START EXCERPTED RECORDS

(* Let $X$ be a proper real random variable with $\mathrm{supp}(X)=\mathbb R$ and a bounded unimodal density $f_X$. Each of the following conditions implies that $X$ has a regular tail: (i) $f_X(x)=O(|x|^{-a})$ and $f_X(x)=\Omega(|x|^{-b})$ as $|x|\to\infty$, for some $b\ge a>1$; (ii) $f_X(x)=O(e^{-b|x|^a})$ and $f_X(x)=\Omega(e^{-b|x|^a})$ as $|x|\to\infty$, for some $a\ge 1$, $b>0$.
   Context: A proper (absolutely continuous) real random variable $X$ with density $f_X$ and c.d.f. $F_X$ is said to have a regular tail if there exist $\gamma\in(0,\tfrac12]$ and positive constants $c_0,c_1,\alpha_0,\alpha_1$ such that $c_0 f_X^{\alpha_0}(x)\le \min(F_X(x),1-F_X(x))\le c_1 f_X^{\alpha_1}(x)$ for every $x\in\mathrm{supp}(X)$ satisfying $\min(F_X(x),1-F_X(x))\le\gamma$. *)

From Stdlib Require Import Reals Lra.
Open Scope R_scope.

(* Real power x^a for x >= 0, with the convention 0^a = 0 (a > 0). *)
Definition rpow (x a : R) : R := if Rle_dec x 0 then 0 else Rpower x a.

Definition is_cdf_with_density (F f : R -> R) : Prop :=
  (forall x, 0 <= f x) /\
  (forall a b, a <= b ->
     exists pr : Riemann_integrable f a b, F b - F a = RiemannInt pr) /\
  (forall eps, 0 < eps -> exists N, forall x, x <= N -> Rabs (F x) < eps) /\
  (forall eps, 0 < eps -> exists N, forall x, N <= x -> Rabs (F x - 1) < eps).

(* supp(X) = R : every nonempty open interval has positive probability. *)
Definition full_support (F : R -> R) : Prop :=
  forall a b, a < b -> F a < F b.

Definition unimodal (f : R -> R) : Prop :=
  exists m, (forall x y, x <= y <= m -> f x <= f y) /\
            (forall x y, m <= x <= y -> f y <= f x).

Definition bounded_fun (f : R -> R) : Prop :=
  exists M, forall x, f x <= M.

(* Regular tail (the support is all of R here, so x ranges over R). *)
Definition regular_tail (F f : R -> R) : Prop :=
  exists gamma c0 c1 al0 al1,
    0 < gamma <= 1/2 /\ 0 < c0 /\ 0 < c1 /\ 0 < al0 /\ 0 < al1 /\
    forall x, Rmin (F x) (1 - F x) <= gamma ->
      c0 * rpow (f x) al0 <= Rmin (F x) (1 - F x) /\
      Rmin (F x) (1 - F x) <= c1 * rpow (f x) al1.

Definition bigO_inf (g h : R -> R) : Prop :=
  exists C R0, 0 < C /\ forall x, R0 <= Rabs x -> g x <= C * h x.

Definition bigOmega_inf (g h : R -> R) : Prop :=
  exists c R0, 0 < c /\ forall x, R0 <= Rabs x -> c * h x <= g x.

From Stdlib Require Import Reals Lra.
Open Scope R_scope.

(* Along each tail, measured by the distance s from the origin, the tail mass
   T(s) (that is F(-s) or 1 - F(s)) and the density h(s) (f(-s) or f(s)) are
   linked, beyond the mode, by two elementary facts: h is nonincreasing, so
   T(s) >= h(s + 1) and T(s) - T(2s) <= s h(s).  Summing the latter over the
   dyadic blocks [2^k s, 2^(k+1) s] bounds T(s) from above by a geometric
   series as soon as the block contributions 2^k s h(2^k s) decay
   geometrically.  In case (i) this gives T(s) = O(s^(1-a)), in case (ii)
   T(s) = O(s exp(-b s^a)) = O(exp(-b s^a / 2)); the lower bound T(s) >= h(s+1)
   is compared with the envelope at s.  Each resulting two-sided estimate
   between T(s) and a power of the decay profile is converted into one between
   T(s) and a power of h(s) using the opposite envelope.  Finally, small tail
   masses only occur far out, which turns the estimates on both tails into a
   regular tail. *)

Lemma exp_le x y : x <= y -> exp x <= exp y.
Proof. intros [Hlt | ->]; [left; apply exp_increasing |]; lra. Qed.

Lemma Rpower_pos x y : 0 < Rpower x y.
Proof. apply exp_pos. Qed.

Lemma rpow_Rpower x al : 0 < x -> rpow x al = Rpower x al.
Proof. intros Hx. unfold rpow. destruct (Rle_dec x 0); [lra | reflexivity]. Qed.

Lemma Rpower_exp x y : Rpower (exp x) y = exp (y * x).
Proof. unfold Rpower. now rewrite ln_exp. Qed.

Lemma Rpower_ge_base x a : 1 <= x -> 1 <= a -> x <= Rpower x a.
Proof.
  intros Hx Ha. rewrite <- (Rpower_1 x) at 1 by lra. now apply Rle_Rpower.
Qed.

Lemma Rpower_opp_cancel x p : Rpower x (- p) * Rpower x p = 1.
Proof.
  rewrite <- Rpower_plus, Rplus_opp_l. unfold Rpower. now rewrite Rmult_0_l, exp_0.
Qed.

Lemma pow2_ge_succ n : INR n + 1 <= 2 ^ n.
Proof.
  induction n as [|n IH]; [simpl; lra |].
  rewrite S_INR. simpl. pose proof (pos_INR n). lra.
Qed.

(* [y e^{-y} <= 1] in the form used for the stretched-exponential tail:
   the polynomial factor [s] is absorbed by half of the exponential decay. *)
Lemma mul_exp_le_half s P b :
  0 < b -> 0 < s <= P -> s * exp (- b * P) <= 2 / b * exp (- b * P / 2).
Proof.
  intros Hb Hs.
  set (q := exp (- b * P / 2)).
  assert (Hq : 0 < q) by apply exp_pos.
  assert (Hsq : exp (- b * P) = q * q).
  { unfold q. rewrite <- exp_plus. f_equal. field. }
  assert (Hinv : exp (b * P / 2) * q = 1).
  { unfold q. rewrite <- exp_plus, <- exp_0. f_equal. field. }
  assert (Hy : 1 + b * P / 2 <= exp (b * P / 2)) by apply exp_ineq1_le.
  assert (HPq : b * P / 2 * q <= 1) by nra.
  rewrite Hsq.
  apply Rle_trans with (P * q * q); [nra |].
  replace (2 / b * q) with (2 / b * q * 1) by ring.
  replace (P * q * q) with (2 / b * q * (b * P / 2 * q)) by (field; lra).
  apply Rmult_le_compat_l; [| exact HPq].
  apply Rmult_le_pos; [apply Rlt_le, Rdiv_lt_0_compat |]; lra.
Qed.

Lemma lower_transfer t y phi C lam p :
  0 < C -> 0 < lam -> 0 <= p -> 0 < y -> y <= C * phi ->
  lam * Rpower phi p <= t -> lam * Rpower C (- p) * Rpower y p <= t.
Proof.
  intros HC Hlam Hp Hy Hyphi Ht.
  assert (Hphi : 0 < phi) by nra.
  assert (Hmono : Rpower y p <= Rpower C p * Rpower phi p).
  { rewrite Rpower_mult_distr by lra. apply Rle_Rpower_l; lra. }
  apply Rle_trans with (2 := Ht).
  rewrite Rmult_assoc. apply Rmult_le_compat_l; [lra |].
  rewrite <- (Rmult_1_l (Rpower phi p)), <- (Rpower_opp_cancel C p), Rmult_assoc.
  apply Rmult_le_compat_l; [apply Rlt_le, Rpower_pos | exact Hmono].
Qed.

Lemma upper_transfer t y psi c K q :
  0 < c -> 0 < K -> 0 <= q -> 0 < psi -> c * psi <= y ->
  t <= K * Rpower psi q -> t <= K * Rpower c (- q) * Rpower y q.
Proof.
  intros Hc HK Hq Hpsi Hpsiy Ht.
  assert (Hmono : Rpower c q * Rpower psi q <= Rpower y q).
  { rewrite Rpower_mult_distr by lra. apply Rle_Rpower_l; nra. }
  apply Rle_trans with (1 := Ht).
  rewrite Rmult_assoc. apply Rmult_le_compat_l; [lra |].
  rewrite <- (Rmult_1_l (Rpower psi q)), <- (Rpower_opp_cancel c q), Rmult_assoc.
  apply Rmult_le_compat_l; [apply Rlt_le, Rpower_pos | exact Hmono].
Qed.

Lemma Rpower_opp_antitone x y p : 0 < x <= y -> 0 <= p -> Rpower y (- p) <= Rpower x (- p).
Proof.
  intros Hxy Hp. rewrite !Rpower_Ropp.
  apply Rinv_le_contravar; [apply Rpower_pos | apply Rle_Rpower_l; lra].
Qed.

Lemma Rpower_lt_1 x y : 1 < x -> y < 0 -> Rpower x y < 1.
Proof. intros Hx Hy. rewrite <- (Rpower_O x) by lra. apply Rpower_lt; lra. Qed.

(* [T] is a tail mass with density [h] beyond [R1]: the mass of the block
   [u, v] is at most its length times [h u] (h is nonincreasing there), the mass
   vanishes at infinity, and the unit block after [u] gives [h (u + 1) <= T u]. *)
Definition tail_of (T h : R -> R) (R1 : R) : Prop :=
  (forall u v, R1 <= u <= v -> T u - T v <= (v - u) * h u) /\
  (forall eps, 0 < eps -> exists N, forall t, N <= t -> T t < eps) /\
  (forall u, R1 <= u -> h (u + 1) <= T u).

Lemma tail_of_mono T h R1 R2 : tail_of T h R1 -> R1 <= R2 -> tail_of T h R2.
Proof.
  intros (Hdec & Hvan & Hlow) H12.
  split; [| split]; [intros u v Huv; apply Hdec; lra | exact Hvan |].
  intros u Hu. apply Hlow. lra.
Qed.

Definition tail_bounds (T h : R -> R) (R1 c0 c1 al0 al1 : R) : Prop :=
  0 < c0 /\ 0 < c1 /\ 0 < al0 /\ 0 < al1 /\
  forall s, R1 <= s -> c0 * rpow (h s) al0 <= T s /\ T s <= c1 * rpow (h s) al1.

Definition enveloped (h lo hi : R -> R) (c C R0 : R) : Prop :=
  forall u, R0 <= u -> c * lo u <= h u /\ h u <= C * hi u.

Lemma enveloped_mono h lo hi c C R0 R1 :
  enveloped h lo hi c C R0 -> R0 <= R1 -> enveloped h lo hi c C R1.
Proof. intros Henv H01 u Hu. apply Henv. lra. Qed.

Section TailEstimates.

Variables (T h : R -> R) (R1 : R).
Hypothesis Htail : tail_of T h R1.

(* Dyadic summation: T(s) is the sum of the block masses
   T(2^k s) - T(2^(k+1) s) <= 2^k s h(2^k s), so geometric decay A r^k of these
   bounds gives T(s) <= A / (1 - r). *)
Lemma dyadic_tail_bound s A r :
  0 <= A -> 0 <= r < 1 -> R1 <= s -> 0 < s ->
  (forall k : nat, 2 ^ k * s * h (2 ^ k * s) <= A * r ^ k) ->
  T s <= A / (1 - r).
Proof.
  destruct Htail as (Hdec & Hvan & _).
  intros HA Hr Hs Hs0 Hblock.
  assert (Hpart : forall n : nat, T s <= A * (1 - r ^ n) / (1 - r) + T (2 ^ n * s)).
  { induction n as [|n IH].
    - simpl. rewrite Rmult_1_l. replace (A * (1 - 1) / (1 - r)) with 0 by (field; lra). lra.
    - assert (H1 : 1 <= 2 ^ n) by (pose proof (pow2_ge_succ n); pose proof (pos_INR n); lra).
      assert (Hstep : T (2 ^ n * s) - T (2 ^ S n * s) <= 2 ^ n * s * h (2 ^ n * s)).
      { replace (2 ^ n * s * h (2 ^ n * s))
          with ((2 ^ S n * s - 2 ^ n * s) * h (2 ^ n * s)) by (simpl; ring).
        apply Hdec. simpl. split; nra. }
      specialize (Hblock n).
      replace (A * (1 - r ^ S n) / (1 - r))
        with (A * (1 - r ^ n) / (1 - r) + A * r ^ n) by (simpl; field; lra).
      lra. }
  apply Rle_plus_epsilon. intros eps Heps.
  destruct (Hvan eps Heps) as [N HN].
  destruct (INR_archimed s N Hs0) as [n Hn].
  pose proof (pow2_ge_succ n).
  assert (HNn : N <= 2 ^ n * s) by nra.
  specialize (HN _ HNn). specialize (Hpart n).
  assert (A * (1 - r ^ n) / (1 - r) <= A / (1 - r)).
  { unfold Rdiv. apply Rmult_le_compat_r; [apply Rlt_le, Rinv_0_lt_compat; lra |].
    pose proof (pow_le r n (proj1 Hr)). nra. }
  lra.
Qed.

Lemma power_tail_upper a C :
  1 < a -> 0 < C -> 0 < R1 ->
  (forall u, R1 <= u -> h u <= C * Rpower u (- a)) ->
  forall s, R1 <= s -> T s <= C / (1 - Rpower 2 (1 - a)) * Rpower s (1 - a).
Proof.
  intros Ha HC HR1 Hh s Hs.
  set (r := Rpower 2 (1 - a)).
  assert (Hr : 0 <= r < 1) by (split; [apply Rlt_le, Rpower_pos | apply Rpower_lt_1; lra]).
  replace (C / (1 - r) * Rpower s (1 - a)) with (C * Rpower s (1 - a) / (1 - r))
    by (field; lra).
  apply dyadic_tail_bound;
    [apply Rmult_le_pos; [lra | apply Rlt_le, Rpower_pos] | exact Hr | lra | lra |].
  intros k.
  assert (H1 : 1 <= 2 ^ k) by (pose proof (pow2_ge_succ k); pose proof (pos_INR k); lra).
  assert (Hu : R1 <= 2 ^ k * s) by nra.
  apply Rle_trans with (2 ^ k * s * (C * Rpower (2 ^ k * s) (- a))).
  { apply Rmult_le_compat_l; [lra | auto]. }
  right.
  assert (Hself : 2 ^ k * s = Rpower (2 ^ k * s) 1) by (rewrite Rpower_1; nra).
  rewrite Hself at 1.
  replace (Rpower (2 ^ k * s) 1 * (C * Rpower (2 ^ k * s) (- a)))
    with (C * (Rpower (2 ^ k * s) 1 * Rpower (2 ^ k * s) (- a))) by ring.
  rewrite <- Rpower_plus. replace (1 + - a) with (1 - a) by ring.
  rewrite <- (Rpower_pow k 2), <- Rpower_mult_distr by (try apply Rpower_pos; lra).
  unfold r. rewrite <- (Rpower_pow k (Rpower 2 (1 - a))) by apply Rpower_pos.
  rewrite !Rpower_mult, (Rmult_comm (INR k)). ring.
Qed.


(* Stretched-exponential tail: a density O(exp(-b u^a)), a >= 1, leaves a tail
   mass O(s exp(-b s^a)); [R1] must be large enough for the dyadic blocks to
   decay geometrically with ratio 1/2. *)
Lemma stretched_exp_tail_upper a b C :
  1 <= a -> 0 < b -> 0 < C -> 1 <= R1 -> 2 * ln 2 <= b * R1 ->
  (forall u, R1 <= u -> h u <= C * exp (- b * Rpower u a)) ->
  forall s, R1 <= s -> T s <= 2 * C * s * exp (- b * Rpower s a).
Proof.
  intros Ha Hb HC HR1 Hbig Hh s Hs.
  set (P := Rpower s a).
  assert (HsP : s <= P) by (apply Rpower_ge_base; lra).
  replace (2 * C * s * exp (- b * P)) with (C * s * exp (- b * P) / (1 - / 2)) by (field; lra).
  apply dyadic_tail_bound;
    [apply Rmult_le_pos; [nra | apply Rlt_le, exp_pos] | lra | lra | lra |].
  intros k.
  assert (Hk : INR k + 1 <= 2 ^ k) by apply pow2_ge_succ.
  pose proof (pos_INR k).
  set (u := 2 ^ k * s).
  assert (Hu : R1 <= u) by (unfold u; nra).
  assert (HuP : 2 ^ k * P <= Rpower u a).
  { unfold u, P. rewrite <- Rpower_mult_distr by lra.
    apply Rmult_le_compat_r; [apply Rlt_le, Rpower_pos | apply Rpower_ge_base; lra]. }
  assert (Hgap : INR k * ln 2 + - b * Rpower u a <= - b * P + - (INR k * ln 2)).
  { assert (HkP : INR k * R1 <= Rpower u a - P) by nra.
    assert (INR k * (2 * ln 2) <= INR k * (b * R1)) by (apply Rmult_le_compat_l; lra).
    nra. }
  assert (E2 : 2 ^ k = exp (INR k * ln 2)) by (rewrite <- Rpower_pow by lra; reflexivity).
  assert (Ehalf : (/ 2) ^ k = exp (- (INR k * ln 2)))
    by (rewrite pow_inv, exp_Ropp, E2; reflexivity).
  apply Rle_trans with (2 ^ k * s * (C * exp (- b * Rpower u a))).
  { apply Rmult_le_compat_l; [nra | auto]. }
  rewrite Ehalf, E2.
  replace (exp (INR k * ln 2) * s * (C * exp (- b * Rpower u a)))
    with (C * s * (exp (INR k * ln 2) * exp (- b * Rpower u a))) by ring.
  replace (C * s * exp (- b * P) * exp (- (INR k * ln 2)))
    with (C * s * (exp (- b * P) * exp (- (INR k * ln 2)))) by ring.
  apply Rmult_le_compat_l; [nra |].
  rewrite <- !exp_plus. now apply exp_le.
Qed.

END EXCERPTED RECORDS

# TASK ITEM
Output only an exact transcription of the lines above from the one with "0 < gamma <= 1/2" up to and including the one with "Lemma Rpower_ge_base x".

# RESPONSE TO THIS EXERCISE
    0 < gamma <= 1/2 /\ 0 < c0 /\ 0 < c1 /\ 0 < al0 /\ 0 < al1 /\
    forall x, Rmin (F x) (1 - F x) <= gamma ->
      c0 * rpow (f x) al0 <= Rmin (F x) (1 - F x) /\
      Rmin (F x) (1 - F x) <= c1 * rpow (f x) al1.

Definition bigO_inf (g h : R -> R) : Prop :=
  exists C R0, 0 < C /\ forall x, R0 <= Rabs x -> g x <= C * h x.

Definition bigOmega_inf (g h : R -> R) : Prop :=
  exists c R0, 0 < c /\ forall x, R0 <= Rabs x -> c * h x <= g x.

From Stdlib Require Import Reals Lra.
Open Scope R_scope.

(* Along each tail, measured by the distance s from the origin, the tail mass
   T(s) (that is F(-s) or 1 - F(s)) and the density h(s) (f(-s) or f(s)) are
   linked, beyond the mode, by two elementary facts: h is nonincreasing, so
   T(s) >= h(s + 1) and T(s) - T(2s) <= s h(s).  Summing the latter over the
   dyadic blocks [2^k s, 2^(k+1) s] bounds T(s) from above by a geometric
   series as soon as the block contributions 2^k s h(2^k s) decay
   geometrically.  In case (i) this gives T(s) = O(s^(1-a)), in case (ii)
   T(s) = O(s exp(-b s^a)) = O(exp(-b s^a / 2)); the lower bound T(s) >= h(s+1)
   is compared with the envelope at s.  Each resulting two-sided estimate
   between T(s) and a power of the decay profile is converted into one between
   T(s) and a power of h(s) using the opposite envelope.  Finally, small tail
   masses only occur far out, which turns the estimates on both tails into a
   regular tail. *)

Lemma exp_le x y : x <= y -> exp x <= exp y.
Proof. intros [Hlt | ->]; [left; apply exp_increasing |]; lra. Qed.

Lemma Rpower_pos x y : 0 < Rpower x y.
Proof. apply exp_pos. Qed.

Lemma rpow_Rpower x al : 0 < x -> rpow x al = Rpower x al.
Proof. intros Hx. unfold rpow. destruct (Rle_dec x 0); [lra | reflexivity]. Qed.

Lemma Rpower_exp x y : Rpower (exp x) y = exp (y * x).
Proof. unfold Rpower. now rewrite ln_exp. Qed.

Lemma Rpower_ge_base x a : 1 <= x -> 1 <= a -> x <= Rpower x a.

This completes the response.